GeoreferencedFrequentPatternMining

class geoanalytics.patternMining.GeoreferencedFrequentPatternMining.GeoreferencedFrequentPatternMining(inputFile: str)[source]

Bases: PatternMiner

About this algorithm

Description:

This module implements the FSPGrowth algorithm for discovering georeferenced frequent patterns from spatial transactional datasets. In addition to mining frequent itemsets, this algorithm incorporates spatial neighborhood information, allowing it to capture patterns influenced by the proximity of transactions.

This is particularly useful in applications such as geospatial analysis, environmental monitoring, and urban planning where location-aware pattern mining is essential.

Parameters:
  • inputFile (str): Path to the input transactional database file.

  • nFile (str): Path to the neighborhood file specifying spatial relationships.

Attributes:
  • inputFile (str): The transactional data file provided during object instantiation.

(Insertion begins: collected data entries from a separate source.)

(* Let $K\subset\mathbb{R}^n$ be closed and consider $\Sigma:\ \dot x\in F(x),\ x\in C$, satisfying (SA), such that $F(y)\subset T_K(y)$ for all $y\in\partial K\cap\operatorname{int}(C)$. Let $\phi$ be a solution to $\Sigma$ with $\phi(0)=x\in\partial K$ satisfying property $(\star)$ with some $T>0$. Then $\phi([0,T])\subset K$; in particular $\phi$ does not leave $K$ immediately.
   Context: Standing assumption (SA): $C \subset \mathbb{R}^n$ is closed; $F:\mathbb{R}^n \rightrightarrows \mathbb{R}^n$ has $F(x)$ nonempty, closed and convex for all $x \in C$; $F$ is continuous (upper and lower semicontinuous) and one-sided locally Lipschitz: for every nonempty compact $\mathcal{N} \subset \operatorname{dom} F$ there is $k>0$ with $(x_1-x_2)^\top F(x_1) \subset (x_1-x_2)^\top F(x_2) + k|x_1-x_2|^2\mathbb{B}$ for all $x_1,x_2 \in \mathcal{N}$ ($\mathbb{B}$ the closed unit ball). Solutions: $\phi$ is locally absolutely continuous with values in $C$, $\operatorname{dom}\phi=[0,T]$ ($T\ge0$) or $[0,T)$ ($T\in\mathbb{R}_{\ge0}\cup\{+\infty\}$), and $\dot\phi(t)\in F(\phi(t))$ for a.e. $t\in\operatorname{dom}\phi$. A solution $\phi$ with $\phi(0)=x$ leaves $K$ immediately if there is $T>0$ with $\phi((0,T])\subset C\setminus K$. Property $(\star)$ for a solution $\phi$: there exists $T>0$ with $(0,T]\subset\operatorname{dom}\phi$ such that $\operatorname{Proj}_{\partial K}(\phi(t))\cap\operatorname{int}(C)\neq\emptyset$ for all $t\in(0,T]$, where $\operatorname{Proj}_{S}(z)$ denotes the set of points of $S$ at minimal Euclidean distance from $z$. Contingent cone: $T_S(x)=\{v: \exists t_i\to 0^+, \exists v_i\to v,\ x+t_iv_i\in S\}$. *)

From HB Require Import structures.
From mathcomp Require Import all_boot all_order all_algebra.
From mathcomp Require Import all_classical all_reals all_analysis.
Set Implicit Arguments. Unset Strict Implicit. Unset Printing Implicit Defensive.
Import Order.TTheory GRing.Theory Num.Theory.
Import numFieldNormedType.Exports.
Local Open Scope classical_set_scope.
Local Open Scope ring_scope.

Section Defs.
Variables (R : realType) (n : nat).
Local Notation V := 'rV[R]_n.

Definition dotv (x y : V) : R := \sum_(i < n) x ord0 i * y ord0 i.
Definition enorm (x : V) : R := Num.sqrt (dotv x x).

Definition boundary (K : set V) : set V := closure K `\` interior K.

Definition convex_vset (A : set V) : Prop :=
  forall x y (l : R), A x -> A y -> 0 <= l -> l <= 1 -> A (l *: x + (1 - l) *: y).

Definition domF (F : V -> set V) : set V := [set x | F x !=set0].

Definition usc_at (C : set V) (F : V -> set V) (x : V) : Prop :=
  forall U : set V, open U -> F x `<=` U ->
    \forall y \near x, C y -> F y `<=` U.
Definition lsc_at (C : set V) (F : V -> set V) (x : V) : Prop :=
  forall U : set V, open U -> F x `&` U !=set0 ->
    \forall y \near x, C y -> F y `&` U !=set0.

(* one-sided local Lipschitz property:
   (x1-x2)^T F(x1) ⊂ (x1-x2)^T F(x2) + k|x1-x2|^2 B *)
Definition one_sided_loc_lipschitz (F : V -> set V) : Prop :=
  forall N : set V, N !=set0 -> compact N -> N `<=` domF F ->
    exists k : R, 0 < k /\
      forall x1 x2, N x1 -> N x2 ->
        forall v1, F x1 v1 ->
          exists v2, F x2 v2 /\ exists b : R, -1 <= b <= 1 /\
            dotv (x1 - x2) v1 = dotv (x1 - x2) v2 + k * enorm (x1 - x2) ^+ 2 * b.

Definition standing_assumption (C : set V) (F : V -> set V) : Prop :=
  [/\ closed C,
      (forall x, C x -> F x !=set0 /\ closed (F x) /\ convex_vset (F x)),
      (forall x, C x -> usc_at C F x /\ lsc_at C F x)
    & one_sided_loc_lipschitz F].

Definition abs_cont_on (phi : R -> V) (a b : R) : Prop :=
  forall e : R, 0 < e -> exists d : R, 0 < d /\
    forall (m : nat) (s t : 'I_m -> R),
      (forall i, a <= s i /\ s i <= t i /\ t i <= b) ->
      (forall i j, i != j -> t i <= s j \/ t j <= s i) ->
      \sum_(i < m) (t i - s i) < d ->
      \sum_(i < m) enorm (phi (t i) - phi (s i)) < e.

Definition loc_abs_cont_on (phi : R -> V) (D : set R) : Prop :=
  forall a b, a <= b -> [set t | a <= t <= b] `<=` D -> abs_cont_on phi a b.

Definition solution_domain (D : set R) : Prop :=
  (exists T : R, 0 <= T /\ D = [set t | 0 <= t <= T]) \/
  (exists T : \bar R, (0 <= T)%E /\ D = [set t | 0 <= t /\ (t%:E < T)%E]).

Definition is_solution (C : set V) (F : V -> set V) (phi : R -> V) (D : set R) : Prop :=
  [/\ solution_domain D,
      loc_abs_cont_on phi D,
      (forall t, D t -> C (phi t))
    & \forall t \ae (@lebesgue_measure R),
        D t -> derivable phi t 1 /\ F (phi t) ('D_1 phi t)].

Definition leaves_immediately (C K : set V) (phi : R -> V) (D : set R) : Prop :=
  exists T : R, 0 < T /\ [set t | 0 < t <= T] `<=` D /\
    (forall t, 0 < t <= T -> (C `\` K) (phi t)).

Definition Proj (S : set V) (z : V) : set V :=
  [set y | S y /\ forall w, S w -> enorm (z - y) <= enorm (z - w)].

Definition contingent (S : set V) (x : V) : set V :=
  [set v | exists (t : nat -> R) (w : nat -> V),
     (forall i, 0 < t i) /\ t @ \oo --> 0 /\ w @ \oo --> v /\
     (forall i, S (x + t i *: w i))].

End Defs.

From HB Require Import structures.
From mathcomp Require Import all_boot all_order all_algebra.
From mathcomp Require Import all_classical all_reals all_analysis.
From mathcomp Require Import ring lra.
Import Order.TTheory GRing.Theory Num.Theory.
Import numFieldNormedType.Exports.
Local Open Scope classical_set_scope.
Local Open Scope ring_scope.
Set Implicit Arguments. Unset Strict Implicit.

(** Let [G t] be the squared distance from [phi t] to [K]. When [phi t] is
    outside [K], property (star) gives a nearest boundary point [y] in
    [int C]; it is a nearest point of [K], [F y] is tangent to [K] at [y], and
    the one-sided Lipschitz condition turns [<phi t - y, v2> <= 0] for
    [v2 \in F y] into [<phi t - y, phi' t> <= k G t]. Hence almost everywhere
    the upper right Dini derivative of [G] is at most [2 k sup G]; as [G] is
    (one-sidedly) absolutely continuous, on a short interval [[a, a + tau]]
    starting in [K] this gives [sup G <= 2 k tau sup G <= sup G / 2], so
    [G = 0] there. Real induction on [[0, T]] concludes. *)

Section Euclid.
Variables (R : realType) (n : nat).
Local Notation V := 'rV[R]_n.
Implicit Types x y a b c : V.

Lemma dotvC a b : dotv a b = dotv b a.
Proof. by rewrite /dotv; apply: eq_bigr => i _; rewrite mulrC. Qed.

Lemma dotvDr a b c : dotv a (b + c) = dotv a b + dotv a c.
Proof. by rewrite /dotv -big_split; apply: eq_bigr => i _; rewrite mxE mulrDr. Qed.

Lemma dotvDl a b c : dotv (b + c) a = dotv b a + dotv c a.
Proof. by rewrite dotvC dotvDr !(dotvC a). Qed.

Lemma dotvZr (l : R) a b : dotv a (l *: b) = l * dotv a b.
Proof. by rewrite /dotv mulr_sumr; apply: eq_bigr => i _; rewrite mxE; ring. Qed.

Lemma dotvZl (l : R) a b : dotv (l *: a) b = l * dotv a b.
Proof. by rewrite dotvC dotvZr dotvC. Qed.

Lemma dotvNr a b : dotv a (- b) = - dotv a b.
Proof. by rewrite -scaleN1r dotvZr mulN1r. Qed.

Lemma dotvNl a b : dotv (- a) b = - dotv a b.
Proof. by rewrite dotvC dotvNr dotvC. Qed.

Lemma dotv0r a : dotv a 0 = 0.
Proof. by rewrite /dotv big1 // => i _; rewrite mxE mulr0. Qed.

Lemma dotvvN a : dotv (- a) (- a) = dotv a a.
Proof. by rewrite dotvNl dotvNr opprK. Qed.

Lemma dotvvZ (l : R) a : dotv (l *: a) (l *: a) = l ^+ 2 * dotv a a.
Proof. by rewrite dotvZl dotvZr mulrA expr2. Qed.

Lemma dotvvD a b : dotv (a + b) (a + b) = dotv a a + 2 * dotv a b + dotv b b.
Proof. rewrite dotvDl !dotvDr (dotvC b a); ring. Qed.

Lemma dotvv_ge0 x : 0 <= dotv x x.
Proof. by rewrite /dotv sumr_ge0 // => i _; rewrite -expr2 sqr_ge0. Qed.

Lemma enorm_ge0 x : 0 <= enorm x.
Proof. exact: sqrtr_ge0. Qed.

Lemma enorm_sq x : enorm x ^+ 2 = dotv x x.
Proof. by rewrite /enorm sqr_sqrtr // dotvv_ge0. Qed.

Lemma dotvv_le_enorm x y : enorm x <= enorm y -> dotv x x <= dotv y y.
Proof. by move=> h; rewrite -!enorm_sq !expr2 ler_pM // enorm_ge0. Qed.

(** The topology of ['rV[R]_n] comes from the sup norm [`|x|], not from [enorm]. *)

Lemma normr_coord_le x i : `|x ord0 i| <= `|x|.
Proof.
rewrite [leRHS]/Num.norm /= mx_normrE.
exact: (@le_bigmax _ _ _ 0 (fun ij : 'I_1 * 'I_n => `|x ij.1 ij.2|) (ord0, i)).
Qed.

Lemma normr_le_coord x r : 0 <= r -> (forall i, `|x ord0 i| <= r) -> `|x| <= r.
Proof.
move=> r0 H; rewrite [leLHS]/Num.norm /= mx_normrE; apply: bigmax_le => // -[i j] _ /=.
by rewrite (ord1 i); apply: H.
Qed.

Lemma normr_dotv_le a b : `|dotv a b| <= n%:R * (`|a| * `|b|).
Proof.
rewrite /dotv; apply: le_trans (ler_norm_sum _ _ _) _.
rewrite mulr_natl -[n in _ *+ n]card_ord -sumr_const; apply: ler_sum => i _.
by rewrite normrM ler_pM ?normr_coord_le.
Qed.

Lemma dotvv_le_normr x : dotv x x <= n%:R * `|x| ^+ 2.
Proof. by rewrite expr2; apply: le_trans (ler_norm _) (normr_dotv_le x x). Qed.

Lemma normr_le_dotvv x r : 0 <= r -> dotv x x <= r ^+ 2 -> `|x| <= r.
Proof.
move=> r0 H; apply: normr_le_coord => // i.
rewrite -(ler_pXn2r (_ : (0 < 2)%N)) ?nnegrE ?normr_ge0 // real_normK ?num_real //.
apply: le_trans H; rewrite /dotv (bigD1 i) //= -expr2 lerDl sumr_ge0 // => j _.
by rewrite -expr2 sqr_ge0.
Qed.

Lemma normr_le_enorm x : `|x| <= enorm x.
Proof. by apply: normr_le_dotvv; rewrite ?enorm_ge0 // enorm_sq. Qed.

End Euclid.

Section RealInterval.
Variable R : realType.

Lemma real_induction (a b : R) (P : R -> Prop) : a <= b -> P a ->
  (forall s, a < s <= b -> (forall u, a <= u < s -> P u) -> P s) ->
  (forall s, a <= s < b -> P s ->
     exists2 d, 0 < d & forall u, s < u <= b -> u < s + d -> P u) ->
  forall t, a <= t <= b -> P t.
Proof.
move=> ab Pa left right.
pose S := [set s | a <= s <= b /\ forall u, a <= u <= s -> P u].
have Sa : S a.
  split; first by rewrite lexx ab.
  by move=> u /andP[au ua]; have -> : u = a by apply/eqP; rewrite eq_le ua au.
have ubS : has_ubound S by exists b => x [/andP[]].
have supS : has_sup S by split; [exists a | exact: ubS].
set s0 := sup S.
have le_s0 x : S x -> x <= s0 by move=> Sx; apply: ub_le_sup.
have as0 : a <= s0 := le_s0 _ Sa.
have s0b : s0 <= b by apply: ge_sup; [exists a | move=> x [/andP[]]].
have P_below u : a <= u < s0 -> P u.
  move=> /andP[au us0]; have us0' : 0 < s0 - u by rewrite subr_gt0.
  have [s [_ Ps] us] := sup_adherent us0' supS.
  by apply: Ps; rewrite au /=; rewrite opprB addrCA subrr addr0 in us; exact: ltW.
have Ps0 : P s0.
  have [->|] := eqVneq s0 a; first exact: Pa.
  by rewrite neq_lt ltNge as0 /= => as0'; apply: left => //; rewrite as0' s0b.
have Ss0 : S s0.
  split; first by rewrite as0 s0b.
  move=> u /andP[au]; rewrite le_eqVlt => /orP[/eqP -> //|us0].
  by apply: P_below; rewrite au us0.
have s0E : s0 = b.
  apply/eqP; rewrite eq_le s0b /= leNgt; apply/negP => s0b'.
  have as0b : a <= s0 < b by rewrite as0 s0b'.
  have [d d0 Pd] := right s0 as0b Ps0.
  pose u := Num.min b (s0 + d / 2).
  have s0u : s0 < u by rewrite lt_min s0b' ltrDl divr_gt0.
  have ub : u <= b by rewrite ge_min lexx.
  have Su : S u.
    split; first by rewrite ub (le_trans as0) ?ltW.
    move=> w /andP[aw wu]; have [ws0|s0w] := leP w s0; first by case: Ss0 => _; apply; rewrite aw.
    apply: Pd; first by rewrite s0w (le_trans wu).
    apply: le_lt_trans wu _; rewrite /u gt_min; apply/orP; right; lra.
  by move: (le_s0 _ Su); rewrite leNgt s0u.
by move=> t /andP[ta tb]; case: Ss0 => _; apply; rewrite ta s0E.
Qed.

  • miner (FSPGrowth): Instance of the FSPGrowth algorithm from the PAMI library.

Execution methods

Calling from a Python program

from geoanalytics.patternMining import GeoreferencedFrequentPatternMining

miner = GeoreferencedFrequentPatternMining("data/input.txt")

miner.run(minSupport=3, nFile="data/neighbor.txt")

Credits

Written by M. Charan Teja, under the guidance of Professor Rage Uday Kiran.

run(minSupport: int, nFile: str)[source]

Executes the FSPGrowth algorithm to mine georeferenced frequent patterns using spatial relationships.

Parameters:
  • minSupport (int) – Minimum support threshold for frequent itemsets.

  • nFile (str) – Path to the neighborhood file containing spatial proximity information.

Output:

Prints the georeferenced frequent itemsets to the console.